▸ **Task details**
Produce word for word the lines of the data below running from the one that has "have mY1 : measurable Y1." to the one that has "apply: le_trans (product_measure_le_mul", inclusive, and no others.

▸ **Record set**
Lemma product_superlevel_le (f : R * R -> R) (lam ka kb h g : R) (X0 Y0 : set R) :
  measurable_fun setT f -> (0 <= ka)%R -> (0 <= kb)%R -> (0 < h)%R ->
  measurable X0 -> measurable Y0 ->
  (forall y, ~ Y0 y -> forall h', (0 < h' <= h)%R ->
     supnorm (Delta h' (fun x => f (x, y))) <= ka%:E) ->
  (forall x, ~ X0 x -> forall h', (0 < h' <= h)%R ->
     supnorm (Delta h' (fun y => f (x, y))) <= kb%:E) ->
  (mu \x mu) [set z | (lam < `|f z|)%R] <= g%:E ->
  (mu \x mu) [set z | (lam + ka + kb < `|f z|)%R] <=
    ((g / h)%:E + mu X0) * ((g / h)%:E + mu Y0).
Proof.
move=> mf ka0 kb0 h0 mX0 mY0 rowY0 colX0 fg.
set E := [set z | (lam + ka + kb < `|f z|)%R].
have mE : measurable E by exact: measurable_superlevel_norm.
pose X1 := [set x | 0 < mu (xsection E x)].
pose Y1 := [set y | 0 < mu (ysection E y)].
have mX1 : measurable X1.
  exact: (measurable_esuperlevel 0 (measurable_fun_xsection mu mE)).
have mY1 : measurable Y1.
  exact: (measurable_esuperlevel 0 (measurable_fun_ysection mu mE)).
have X1le : mu X1 <= (g / h)%:E + mu X0.
  apply: measure_le_div_add => //; apply: le_trans fg.
  apply: product_measure_ge_xsection => //; [exact: measurable_superlevel_norm|
    exact: measurableD|exact: ltW|].
  move=> x [X1x nX0x]; rewrite xsection_superlevel.
  apply: (@superlevel_lebesgue_measure_ge _ _ _ kb (lam + ka + kb)) => //.
  - exact: (measurableT_comp mf (pair1_measurable x)).
  - by rewrite addrAC lerDl.
  - exact: colX0.
  - by move: X1x; rewrite /X1 /= xsection_superlevel.
have Y1le : mu Y1 <= (g / h)%:E + mu Y0.
  apply: measure_le_div_add => //; apply: le_trans fg.
  apply: product_measure_ge_ysection => //; [exact: measurable_superlevel_norm|
    exact: measurableD|exact: ltW|].
  move=> y [Y1y nY0y]; rewrite ysection_superlevel.
  apply: (@superlevel_lebesgue_measure_ge _ _ _ ka (lam + ka + kb)) => //.
  - exact: (measurableT_comp mf (pair2_measurable y)).
  - by rewrite lerDl.
  - exact: rowY0.
  - by move: Y1y; rewrite /Y1 /= ysection_superlevel.
apply: le_trans (product_measure_le_mul (m1 := mu) (m2 := mu) mE mX1 mY1 _ _) _.
- move=> x nX1x; apply/eqP; rewrite eq_le measure_ge0 andbT leNgt; exact/negP.
- move=> y nY1y; apply/eqP; rewrite eq_le measure_ge0 andbT leNgt; exact/negP.
- by apply: lee_pmul.
Qed.

End plane_superlevel_sets.

Section rearrangement.
Local Open Scope ereal_scope.
Context d (T : measurableType d) (R : realType) (mu : set T -> \bar R).
Implicit Types (g : T -> \bar R) (t : R).

Lemma rearr_ge0 g t : 0 <= rearr mu g t.
Proof. by apply/ereal_infP => _ [s [s0 _] <-]; rewrite lee_fin. Qed.

Lemma rearr_le g t (s : R) :
  (0 <= s)%R -> mu [set x | s%:E < `|g x|] <= t%:E -> rearr mu g t <= s%:E.
Proof. by move=> s0 gs; apply: ereal_inf_lbound; exists s. Qed.

Lemma rearr_ltP g t (r : R) : rearr mu g t < r%:E ->
  exists s : R, [/\ (0 <= s)%R, mu [set x | s%:E < `|g x|] <= t%:E & (s < r)%R].
Proof. by move=> /ereal_inf_lt [_ [s [s0 gs] <-]]; rewrite lte_fin => sr; exists s. Qed.

End rearrangement.

Lemma outer_measurable_cover (R : realType) (D : set R) :
  exists U, [/\ measurable U, D `<=` U & lebesgue_measure U = lebesgue_measure D].
Proof.
have [G [oG DG GD]] := outer_measure_Gdelta D.
exists (\bigcap_i G i); split => //.
by apply: bigcap_measurable => // k _; exact: open_measurable.
Qed.

Lemma Up_S0 (R : realType) (p : R) (f : R * R -> R) : Up p f -> S0 leb2 (EFin \o f).
Proof.
move=> [mf _ _ [[ml1 _ fin1] _] [[ml2 _ fin2] _]]; split.
- exact/measurable_EFinP.
- by exists set0; split => // z /=; apply.
move=> s s0; rewrite esuperlevel_EFin.
set Xs := [set x | (s%:E < `|lipnorm p^-1 (fun y => f (x, y))|)%E].
set Ys := [set y | (s%:E < `|lipnorm p^-1 (fun x => f (x, y))|)%E].
have mXs : measurable Xs by exact: measurable_esuperlevel_abse ml2.
have mYs : measurable Ys by exact: measurable_esuperlevel_abse ml1.
have mZ : measurable [set z | (s < `|f z|)%R] by exact: measurable_superlevel_norm.
have mcol x : measurable [set y | (s < `|f (x, y)|)%R].
  exact: measurable_superlevel_norm (measurableT_comp mf (pair1_measurable x)).
have mrow y : measurable [set x | (s < `|f (x, y)|)%R].
  exact: measurable_superlevel_norm (measurableT_comp mf (pair2_measurable y)).
apply: le_lt_trans (product_measure_le_mul
  (m1 := lebesgue_measure) (m2 := lebesgue_measure) mZ mXs mYs _ _) _.
- move=> x nXx; rewrite xsection_superlevel; apply: measure_negligible; first exact: mcol.
  apply: supnorm_le_negligible; apply: le_trans (supnorm_le_lipnorm p^-1 _) _.
  by rewrite leNgt; apply/negP.
- move=> y nYy; rewrite ysection_superlevel; apply: measure_negligible; first exact: mrow.
  apply: supnorm_le_negligible; apply: le_trans (supnorm_le_lipnorm p^-1 _) _.
  by rewrite leNgt; apply/negP.
- apply: lte_mul_pinfty => //; last exact: fin1.
  by rewrite ge0_fin_numE // (fin2 _ s0).
Qed.

Lemma powR_mul4_sqrt_le (R : realType) (p t : R) : 1 <= p -> 0 < t ->
  powR (4 * Num.sqrt t) p^-1 <= 4 * powR t (2 * p)^-1.
Proof.
move=> p1 t0; have p0 : 0 < p by exact: lt_le_trans p1.
rewrite powRM ?sqrtr_ge0 // -(powR12_sqrt (ltW t0)) -powRrM invfM [2^-1 * _]mulrC.
rewrite ler_wpM2r ?powR_ge0 // ler1_powR ?ler1n // ?invr_ge0 ?invf_le1 //.
Qed.

Lemma lee_sub_approx (R : realType) (X L A B : \bar R) (c : R) :
  0 < c -> (0 <= L)%E -> (0 <= A)%E -> (0 <= B)%E ->
  (forall l a b : R, (L < l%:E)%E -> (A < a%:E)%E -> (B < b%:E)%E ->
     (X <= (l + c * (a + b))%:E)%E) ->
  (X - L <= c%:E * (A + B))%E.
Proof.
move=> c0 L0 A0 B0 XLAB.
have cy (Y : \bar R) : (0 <= Y)%E -> (c%:E * (+oo + Y) = +oo)%E.
  by case: Y => [y| |] // _; rewrite ?addye // mulry gtr0_sg // mul1e.
case: A A0 XLAB => [a0| |] // A0 XLAB; last by rewrite cy ?leey.
case: B B0 XLAB => [b0| |] // B0 XLAB; last by rewrite (addeC a0%:E) cy ?leey.
case: L L0 XLAB => [l0| |] // L0 XLAB; last by case: X {XLAB} => [x| |]; rewrite ?leNye.
rewrite lee_subel_addr //.
rewrite -[X in (_ <= X)%E]/((c * (a0 + b0) + l0)%:E); apply/lee_addgt0Pr => e e0.
pose eps := e / (1 + 2 * c).
have c2 : 0 < 1 + 2 * c by rewrite ltr_pwDl // ltW // mulr_gt0.
have eps0 : 0 < eps by rewrite divr_gt0.
have epsE : eps * (1 + 2 * c) = e by rewrite mulfVK // gt_eqF.
apply: le_trans (XLAB (l0 + eps) (a0 + eps) (b0 + eps) _ _ _) _;
  rewrite ?lte_fin ?ltrDl // -EFinD lee_fin.
rewrite -epsE; nra.
Qed.

Section section_estimate.
Local Open Scope ereal_scope.
Context {R : realType}.
Local Notation mu := (@lebesgue_measure R).
Variables (p : R) (f : R * R -> R).
Hypotheses (p0 : (0 < p)%R) (mf : measurable_fun setT f).
Let phi1 y := lipsemi p^-1 (fun x => f (x, y)).
Let phi2 x := lipsemi p^-1 (fun y => f (x, y)).

Lemma rearr_section_estimate (t l a b : R) : (0 < t)%R ->
  rearr leb2 (EFin \o f) (2 * t) < l%:E ->
  rearr mu phi1 (Num.sqrt t / 2) < a%:E ->
  rearr mu phi2 (Num.sqrt t / 2) < b%:E ->
  rearr leb2 (EFin \o f) t <= (l + (a + b) * powR (4 * Num.sqrt t) p^-1)%:E.
Proof.
move=> t0 /rearr_ltP[lam [lam0 flam laml]].
move=> /rearr_ltP[a' [a'0 phi1a' a'a]] /rearr_ltP[b' [b'0 phi2b' b'b]].
set s0 := (Num.sqrt t / 2)%R; set h := (4 * Num.sqrt t)%R; set H := powR h p^-1.
have sqrt0 : (0 < Num.sqrt t)%R by rewrite sqrtr_gt0.
have h0 : (0 < h)%R by rewrite mulr_gt0.
have H0 : (0 <= H)%R by exact: powR_ge0.
have p'0 : (0 < p^-1)%R by rewrite invr_gt0.
(* phi1 and phi2 need not be measurable: use measurable covers of their superlevel sets. *)
have [U1 [mU1 sU1 U1E]] := outer_measurable_cover [set y | a'%:E < `|phi1 y|].
have [U2 [mU2 sU2 U2E]] := outer_measurable_cover [set x | b'%:E < `|phi2 x|].
have row y : ~ U1 y -> forall h', (0 < h' <= h)%R ->
    supnorm (Delta h' (fun x => f (x, y))) <= (a' * H)%:E.
  move=> nU1y h' hh'; apply: supnorm_Delta_le => //.
  by apply: le_trans (lee_abs _) _; rewrite leNgt; apply/negP => /sU1.
have col x : ~ U2 x -> forall h', (0 < h' <= h)%R ->
    supnorm (Delta h' (fun y => f (x, y))) <= (b' * H)%:E.
  move=> nU2x h' hh'; apply: supnorm_Delta_le => //.
  by apply: le_trans (lee_abs _) _; rewrite leNgt; apply/negP => /sU2.
rewrite esuperlevel_EFin in flam.
have := product_superlevel_le mf (mulr_ge0 a'0 H0) (mulr_ge0 b'0 H0) h0 mU2 mU1 row col flam.
have -> : (2 * t / h = s0)%R.
  by rewrite /h /s0 -{1}(sqr_sqrtr (ltW t0)); field; rewrite gt_eqF.
rewrite U1E U2E => fle.
have s00 : 0 <= s0%:E by rewrite lee_fin divr_ge0 // ltW.
apply: (le_trans (rearr_le (addr_ge0 (addr_ge0 lam0 (mulr_ge0 a'0 H0)) (mulr_ge0 b'0 H0)) _)).
  rewrite esuperlevel_EFin; apply: le_trans fle _.
  have -> : t%:E = (s0%:E + s0%:E) * (s0%:E + s0%:E).
    by rewrite -EFinD -EFinM /s0 -{1}(sqr_sqrtr (ltW t0)); congr EFin; field.
  apply: lee_pmul.
  - exact: adde_ge0 s00 (measure_ge0 mu _).
  - exact: adde_ge0 s00 (measure_ge0 mu _).
  - exact: leeD (lexx _) phi2b'.
  - exact: leeD (lexx _) phi1a'.
have := ler_wpM2r H0 (ltW a'a); have := ler_wpM2r H0 (ltW b'b).
rewrite lee_fin; lra.
Qed.

End section_estimate.

Theorem mainTheorem5 (R : realType) (p : R) (hp : 1 <= p) :
  exists c : R, 0 < c /\
    forall f : R * R -> R, Up p f ->
      S0 leb2 (EFin \o f) /\
      forall t : R, 0 < t ->
        (rearr leb2 (EFin \o f) t - rearr leb2 (EFin \o f) (2 * t)%R
         <= (EFin (c * powR t (2 * p)^-1)%R) *
            (rearr lebesgue_measure
                 (fun y => lipsemi p^-1 (fun x => f (x, y))) (Num.sqrt t / 2)%R
             + rearr lebesgue_measure
                 (fun x => lipsemi p^-1 (fun y => f (x, y))) (Num.sqrt t / 2)%R))%E.
Proof.
exists 4; split => // f fU; split; first exact: Up_S0 fU.
move=> t t0; have p0 : 0 < p by exact: lt_le_trans hp.
have [mf _ _ _ _] := fU.
apply: lee_sub_approx; rewrite ?mulr_gt0 ?powR_gt0 ?rearr_ge0 // => l a b fl phi1a phi2b.
apply: le_trans (rearr_section_estimate p0 mf t0 fl phi1a phi2b) _.
have ab0 : 0 <= a + b.
  by rewrite addr_ge0 // -lee_fin; [apply: le_trans (ltW phi1a)|apply: le_trans (ltW phi2b)];
    exact: rearr_ge0.
by rewrite lee_fin lerD2l [leRHS]mulrC ler_wpM2l // powR_mul4_sqrt_le.
Qed.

▸ **Solution for this problem**
have mY1 : measurable Y1.
  exact: (measurable_esuperlevel 0 (measurable_fun_ysection mu mE)).
have X1le : mu X1 <= (g / h)%:E + mu X0.
  apply: measure_le_div_add => //; apply: le_trans fg.
  apply: product_measure_ge_xsection => //; [exact: measurable_superlevel_norm|
    exact: measurableD|exact: ltW|].
  move=> x [X1x nX0x]; rewrite xsection_superlevel.
  apply: (@superlevel_lebesgue_measure_ge _ _ _ kb (lam + ka + kb)) => //.
  - exact: (measurableT_comp mf (pair1_measurable x)).
  - by rewrite addrAC lerDl.
  - exact: colX0.
  - by move: X1x; rewrite /X1 /= xsection_superlevel.
have Y1le : mu Y1 <= (g / h)%:E + mu Y0.
  apply: measure_le_div_add => //; apply: le_trans fg.
  apply: product_measure_ge_ysection => //; [exact: measurable_superlevel_norm|
    exact: measurableD|exact: ltW|].
  move=> y [Y1y nY0y]; rewrite ysection_superlevel.
  apply: (@superlevel_lebesgue_measure_ge _ _ _ ka (lam + ka + kb)) => //.
  - exact: (measurableT_comp mf (pair2_measurable y)).
  - by rewrite lerDl.
  - exact: rowY0.
  - by move: Y1y; rewrite /Y1 /= ysection_superlevel.
apply: le_trans (product_measure_le_mul (m1 := mu) (m2 := mu) mE mX1 mY1 _ _) _.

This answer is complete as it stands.